Lemma box_multicut_Box phi : multicut_admissible phi -> box_multicut_admissible (Box phi).
Proof.
move=> mphi G n psi P S dG dR.
have hG := perm_refl (map Box G); have hN := perm_refl (nseq n (Box psi)).
elim: dR => {P S}.
- move=> T P' S' hP hS; apply: cuts_perm hG hN hP hS _ => k j hk hj.
  have dB := cutfree_mrep j (cutfree_Box dG).
  by apply: (cutfree_mix dB (cutfree_refl (mrep k (nrem j (Box phi) T)))); perm_solve (Box phi).
- by [].
- move=> Q T P S P' S' _ c1 _ c2 hP hS; apply: cuts_perm hG hN hP hS _ => k j hk hj.
  have hjS : j - minn j (count_mem (Box phi) T) <= count_mem (Box phi) S.
    by count_solve (Box phi).
  have d1 := c1 k (minn j (count_mem (Box phi) T)) hk (geq_minr _ _).
  by apply: (cutfree_mix d1 (c2 _ _ hk hjS)); perm_solve (Box phi).
- move=> m Q T P' S' hm _ c hP hS; apply: cuts_perm hG hN hP hS _ => k j hk hj.
  have hmj : m * j <= count_mem (Box phi) (mrep m T) by count_solve (Box phi).
  apply: (@cutfree_sc m); first lia.
  by apply: (cutfree_perm (c _ _ hk hmj)); perm_solve (Box phi).
- move=> Q T a b P' S' _ c hP hS; apply: cuts_perm hG hN hP hS _ => k j hk hj.
  have hj' : j <= count_mem (Box phi) (a :: T) by count_solve (Box phi).
  have d : cutfree ((mrep j (nrem k (Box phi) (map Box G)) ++ mrep k Q) ++ nseq k b)
                   (nseq k a ++ mrep k (nrem j (Box phi) T) ++ mrep j (nseq n (Box psi))).
    by apply: (cutfree_perm (c _ _ hk hj')); perm_solve (Box phi).
  by apply: (cutfree_perm (cutfree_impL_nseq d)); perm_solve (Box phi).
- move=> Q T a b P' S' _ c hP hS; apply: cuts_perm hG hN hP hS _ => k j hk hj.
  have hj' : j <= count_mem (Box phi) (b :: T) by count_solve (Box phi).
  have d : cutfree ((mrep j (nrem k (Box phi) (map Box G)) ++ mrep k Q) ++ nseq k a)
                   (nseq k b ++ mrep k (nrem j (Box phi) T) ++ mrep j (nseq n (Box psi))).
    by apply: (cutfree_perm (c _ _ hk hj')); perm_solve (Box phi).
  by apply: (cutfree_perm (cutfree_impR_nseq d)); perm_solve (Box phi).
- move=> m H chi P' S' dH _ hP hS; apply: cuts_perm hG hN hP hS _.
  exact: cuts_Box_Box.
Qed.

Lemma box_cancel_Box p : cancel_admissible p -> box_cancel_admissible (Box p).
Proof.
move=> cp G n q d [|a] hl hr; first exact: cutfree_Box d.
rewrite count_nseq /= (inj_eq Box_inj) in hr.
have Eq : q = p by apply/eqP; apply: contraTT hr => /negbTE->; rewrite mul0n.
subst q; rewrite eqxx mul1n in hr; rewrite count_map_Box in hl.
have hr' : a.+1 <= count_mem p (nseq n p) by rewrite count_nseq /= eqxx mul1n.
have d' : cutfree (nrem a.+1 p G) (nseq (n - a.+1) p).
  by apply: (cutfree_perm (cp _ _ d _ hl hr')); perm_solve p.
by rewrite -map_Box_nrem; apply: (cutfree_perm (cutfree_Box d')) => //; perm_solve (Box p).
Qed.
+ + + + +
| PROMPT |
Return only the lines of the records in which the string "first" appears.

| COMPLETED TASK |
  apply: (@cutfree_sc m); first lia.
move=> cp G n q d [|a] hl hr; first exact: cutfree_Box d.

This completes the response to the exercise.